- **ACTIVITY**
In the entries that follow, which lines hold the string "match"? List them.

[[ DATA PROVIDED, beginning ]]

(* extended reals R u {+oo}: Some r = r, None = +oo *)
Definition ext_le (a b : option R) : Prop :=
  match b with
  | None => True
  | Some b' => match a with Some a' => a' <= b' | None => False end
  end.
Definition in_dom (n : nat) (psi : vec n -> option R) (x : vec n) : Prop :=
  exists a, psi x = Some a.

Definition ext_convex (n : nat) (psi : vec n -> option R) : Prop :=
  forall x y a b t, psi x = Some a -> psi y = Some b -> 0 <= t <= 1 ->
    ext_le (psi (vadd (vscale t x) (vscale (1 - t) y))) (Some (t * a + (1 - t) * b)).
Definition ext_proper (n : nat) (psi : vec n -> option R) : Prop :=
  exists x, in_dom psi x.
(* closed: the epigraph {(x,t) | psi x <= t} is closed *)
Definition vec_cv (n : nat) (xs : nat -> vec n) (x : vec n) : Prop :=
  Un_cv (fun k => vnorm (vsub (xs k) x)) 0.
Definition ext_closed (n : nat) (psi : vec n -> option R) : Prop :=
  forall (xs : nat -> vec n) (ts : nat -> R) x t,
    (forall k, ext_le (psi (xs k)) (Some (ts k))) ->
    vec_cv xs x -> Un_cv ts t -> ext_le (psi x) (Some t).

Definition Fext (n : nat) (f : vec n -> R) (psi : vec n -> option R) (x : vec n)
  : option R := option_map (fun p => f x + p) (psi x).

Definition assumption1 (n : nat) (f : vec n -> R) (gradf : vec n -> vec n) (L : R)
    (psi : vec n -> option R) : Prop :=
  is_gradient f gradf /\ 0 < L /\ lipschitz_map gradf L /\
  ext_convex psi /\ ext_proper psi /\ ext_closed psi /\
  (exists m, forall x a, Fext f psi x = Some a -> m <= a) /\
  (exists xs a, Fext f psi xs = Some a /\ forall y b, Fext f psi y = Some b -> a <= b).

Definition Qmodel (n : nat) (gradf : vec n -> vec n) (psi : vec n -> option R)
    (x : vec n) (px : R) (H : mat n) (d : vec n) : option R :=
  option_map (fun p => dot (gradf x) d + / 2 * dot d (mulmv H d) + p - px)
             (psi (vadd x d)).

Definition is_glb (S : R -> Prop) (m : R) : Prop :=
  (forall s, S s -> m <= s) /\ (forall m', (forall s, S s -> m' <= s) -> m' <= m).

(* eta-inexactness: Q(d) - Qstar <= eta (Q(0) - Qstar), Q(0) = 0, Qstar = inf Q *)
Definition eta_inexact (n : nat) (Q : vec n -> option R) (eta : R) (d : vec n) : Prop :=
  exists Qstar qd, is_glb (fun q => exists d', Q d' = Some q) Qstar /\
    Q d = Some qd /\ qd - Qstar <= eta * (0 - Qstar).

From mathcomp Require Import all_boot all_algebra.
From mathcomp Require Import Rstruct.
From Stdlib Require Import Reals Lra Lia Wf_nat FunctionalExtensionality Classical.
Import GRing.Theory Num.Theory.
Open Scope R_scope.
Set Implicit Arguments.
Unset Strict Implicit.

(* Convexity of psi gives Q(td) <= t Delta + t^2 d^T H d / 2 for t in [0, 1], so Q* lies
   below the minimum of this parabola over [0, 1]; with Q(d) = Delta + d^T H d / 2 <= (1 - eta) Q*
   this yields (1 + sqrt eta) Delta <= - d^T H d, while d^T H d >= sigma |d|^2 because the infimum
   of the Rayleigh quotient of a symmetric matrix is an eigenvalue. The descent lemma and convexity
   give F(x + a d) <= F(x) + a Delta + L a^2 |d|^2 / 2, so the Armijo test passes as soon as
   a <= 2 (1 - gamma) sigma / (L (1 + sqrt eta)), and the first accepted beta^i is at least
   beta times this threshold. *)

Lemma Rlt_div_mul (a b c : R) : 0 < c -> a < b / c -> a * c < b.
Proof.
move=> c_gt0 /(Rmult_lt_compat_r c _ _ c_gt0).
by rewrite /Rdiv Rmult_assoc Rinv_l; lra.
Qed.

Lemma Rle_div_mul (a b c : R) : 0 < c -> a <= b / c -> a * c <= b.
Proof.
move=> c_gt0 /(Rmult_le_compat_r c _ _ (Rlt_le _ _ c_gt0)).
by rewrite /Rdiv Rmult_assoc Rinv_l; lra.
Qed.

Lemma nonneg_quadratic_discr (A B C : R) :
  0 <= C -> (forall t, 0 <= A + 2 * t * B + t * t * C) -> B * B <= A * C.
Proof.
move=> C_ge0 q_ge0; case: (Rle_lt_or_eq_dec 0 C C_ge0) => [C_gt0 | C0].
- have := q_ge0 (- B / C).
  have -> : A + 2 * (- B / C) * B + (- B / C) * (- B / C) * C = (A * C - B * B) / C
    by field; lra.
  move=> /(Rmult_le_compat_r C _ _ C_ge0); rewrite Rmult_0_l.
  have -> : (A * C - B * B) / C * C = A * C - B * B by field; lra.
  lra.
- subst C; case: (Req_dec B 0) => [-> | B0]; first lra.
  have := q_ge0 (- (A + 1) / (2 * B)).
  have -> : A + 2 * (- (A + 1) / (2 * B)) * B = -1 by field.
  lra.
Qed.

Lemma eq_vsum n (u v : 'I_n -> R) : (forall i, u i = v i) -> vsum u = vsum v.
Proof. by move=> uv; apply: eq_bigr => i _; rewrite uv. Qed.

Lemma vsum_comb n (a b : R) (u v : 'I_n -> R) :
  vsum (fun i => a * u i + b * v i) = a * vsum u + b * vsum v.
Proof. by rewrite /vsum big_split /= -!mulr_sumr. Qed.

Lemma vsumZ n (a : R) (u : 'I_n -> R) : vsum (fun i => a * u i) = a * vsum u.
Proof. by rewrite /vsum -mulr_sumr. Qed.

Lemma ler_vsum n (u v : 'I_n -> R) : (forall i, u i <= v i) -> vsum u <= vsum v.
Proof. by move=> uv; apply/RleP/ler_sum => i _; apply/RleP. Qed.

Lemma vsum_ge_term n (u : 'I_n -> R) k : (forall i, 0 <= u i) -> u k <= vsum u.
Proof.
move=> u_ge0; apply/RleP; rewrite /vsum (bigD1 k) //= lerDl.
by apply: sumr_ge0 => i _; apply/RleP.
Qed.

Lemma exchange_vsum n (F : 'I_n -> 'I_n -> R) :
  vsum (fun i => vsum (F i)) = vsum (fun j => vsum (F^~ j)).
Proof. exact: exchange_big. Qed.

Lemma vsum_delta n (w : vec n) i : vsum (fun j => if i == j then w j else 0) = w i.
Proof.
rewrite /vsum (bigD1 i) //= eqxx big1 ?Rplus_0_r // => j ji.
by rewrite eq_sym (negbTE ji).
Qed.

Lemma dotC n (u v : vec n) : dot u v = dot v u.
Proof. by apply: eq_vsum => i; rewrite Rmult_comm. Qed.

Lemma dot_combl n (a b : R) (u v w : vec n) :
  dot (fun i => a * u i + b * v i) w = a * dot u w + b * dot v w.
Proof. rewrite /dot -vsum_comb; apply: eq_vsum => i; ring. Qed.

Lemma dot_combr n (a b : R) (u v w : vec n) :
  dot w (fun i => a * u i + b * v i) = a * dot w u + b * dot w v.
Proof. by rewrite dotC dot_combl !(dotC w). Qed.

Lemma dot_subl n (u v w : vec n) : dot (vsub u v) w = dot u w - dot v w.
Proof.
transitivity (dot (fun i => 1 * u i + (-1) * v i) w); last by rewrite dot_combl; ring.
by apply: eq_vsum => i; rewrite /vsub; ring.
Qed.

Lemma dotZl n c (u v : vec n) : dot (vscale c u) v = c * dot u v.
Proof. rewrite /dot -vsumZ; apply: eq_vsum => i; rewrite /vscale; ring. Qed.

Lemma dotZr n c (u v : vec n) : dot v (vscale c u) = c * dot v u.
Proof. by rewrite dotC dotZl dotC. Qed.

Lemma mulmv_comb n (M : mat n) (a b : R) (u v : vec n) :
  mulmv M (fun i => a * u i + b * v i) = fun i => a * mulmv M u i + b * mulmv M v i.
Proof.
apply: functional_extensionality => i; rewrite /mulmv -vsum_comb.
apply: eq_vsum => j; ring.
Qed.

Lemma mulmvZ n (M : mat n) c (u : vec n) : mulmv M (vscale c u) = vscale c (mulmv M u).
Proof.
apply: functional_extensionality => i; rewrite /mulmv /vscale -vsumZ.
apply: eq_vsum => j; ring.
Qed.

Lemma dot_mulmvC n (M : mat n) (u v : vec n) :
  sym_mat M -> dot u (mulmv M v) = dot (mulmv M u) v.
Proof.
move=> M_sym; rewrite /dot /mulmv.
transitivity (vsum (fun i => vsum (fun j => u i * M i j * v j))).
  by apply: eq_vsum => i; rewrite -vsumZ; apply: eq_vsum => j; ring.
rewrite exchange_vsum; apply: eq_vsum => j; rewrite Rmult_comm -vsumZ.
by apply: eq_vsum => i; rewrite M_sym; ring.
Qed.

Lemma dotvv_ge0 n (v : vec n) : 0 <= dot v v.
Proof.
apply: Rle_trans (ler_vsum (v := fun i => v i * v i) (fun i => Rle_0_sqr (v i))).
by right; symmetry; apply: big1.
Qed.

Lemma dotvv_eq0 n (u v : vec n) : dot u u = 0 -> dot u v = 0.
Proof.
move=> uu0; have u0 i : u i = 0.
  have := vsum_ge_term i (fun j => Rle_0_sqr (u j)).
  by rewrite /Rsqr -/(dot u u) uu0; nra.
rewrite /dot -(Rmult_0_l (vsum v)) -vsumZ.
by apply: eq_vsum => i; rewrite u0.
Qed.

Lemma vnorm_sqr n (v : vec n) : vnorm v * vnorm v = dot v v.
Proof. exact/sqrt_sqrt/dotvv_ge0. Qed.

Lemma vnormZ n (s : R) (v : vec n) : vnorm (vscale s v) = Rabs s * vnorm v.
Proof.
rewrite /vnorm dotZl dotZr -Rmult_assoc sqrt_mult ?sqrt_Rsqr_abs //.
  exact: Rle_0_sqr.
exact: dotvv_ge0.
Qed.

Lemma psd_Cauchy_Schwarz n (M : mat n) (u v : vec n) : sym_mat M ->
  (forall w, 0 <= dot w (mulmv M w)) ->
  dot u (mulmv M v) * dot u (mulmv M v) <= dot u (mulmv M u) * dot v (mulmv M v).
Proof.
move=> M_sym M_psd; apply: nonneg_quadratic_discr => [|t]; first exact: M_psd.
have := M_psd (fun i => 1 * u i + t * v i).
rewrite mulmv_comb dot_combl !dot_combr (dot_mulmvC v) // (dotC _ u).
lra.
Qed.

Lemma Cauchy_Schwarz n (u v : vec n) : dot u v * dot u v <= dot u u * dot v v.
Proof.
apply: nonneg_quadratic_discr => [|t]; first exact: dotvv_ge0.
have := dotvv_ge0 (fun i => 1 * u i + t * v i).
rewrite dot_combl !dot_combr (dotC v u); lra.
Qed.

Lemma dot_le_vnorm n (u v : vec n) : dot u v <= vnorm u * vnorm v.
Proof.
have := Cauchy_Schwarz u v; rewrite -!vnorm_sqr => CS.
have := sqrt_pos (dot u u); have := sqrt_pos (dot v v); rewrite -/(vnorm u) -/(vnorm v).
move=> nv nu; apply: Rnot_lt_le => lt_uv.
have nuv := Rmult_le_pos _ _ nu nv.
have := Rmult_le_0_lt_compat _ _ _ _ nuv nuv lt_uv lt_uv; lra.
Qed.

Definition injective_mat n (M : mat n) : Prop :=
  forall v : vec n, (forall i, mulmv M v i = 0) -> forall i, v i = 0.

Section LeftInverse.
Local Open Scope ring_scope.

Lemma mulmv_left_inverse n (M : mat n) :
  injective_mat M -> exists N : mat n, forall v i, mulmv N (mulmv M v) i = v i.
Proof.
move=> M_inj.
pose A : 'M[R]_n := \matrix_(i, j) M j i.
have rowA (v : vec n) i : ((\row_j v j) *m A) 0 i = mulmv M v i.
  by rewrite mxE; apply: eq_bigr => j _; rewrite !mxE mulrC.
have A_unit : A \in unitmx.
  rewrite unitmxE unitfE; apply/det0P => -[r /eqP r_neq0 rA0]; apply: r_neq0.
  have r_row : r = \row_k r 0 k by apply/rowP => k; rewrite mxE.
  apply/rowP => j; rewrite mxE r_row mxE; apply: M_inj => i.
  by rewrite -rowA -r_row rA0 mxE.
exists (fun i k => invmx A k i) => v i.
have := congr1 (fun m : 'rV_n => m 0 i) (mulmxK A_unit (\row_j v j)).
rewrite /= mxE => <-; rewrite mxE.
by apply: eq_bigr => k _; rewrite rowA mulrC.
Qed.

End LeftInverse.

[[ DATA PROVIDED, end ]]

- **EXPECTED ANSWER**
  match b with
  | Some b' => match a with Some a' => a' <= b' | None => False end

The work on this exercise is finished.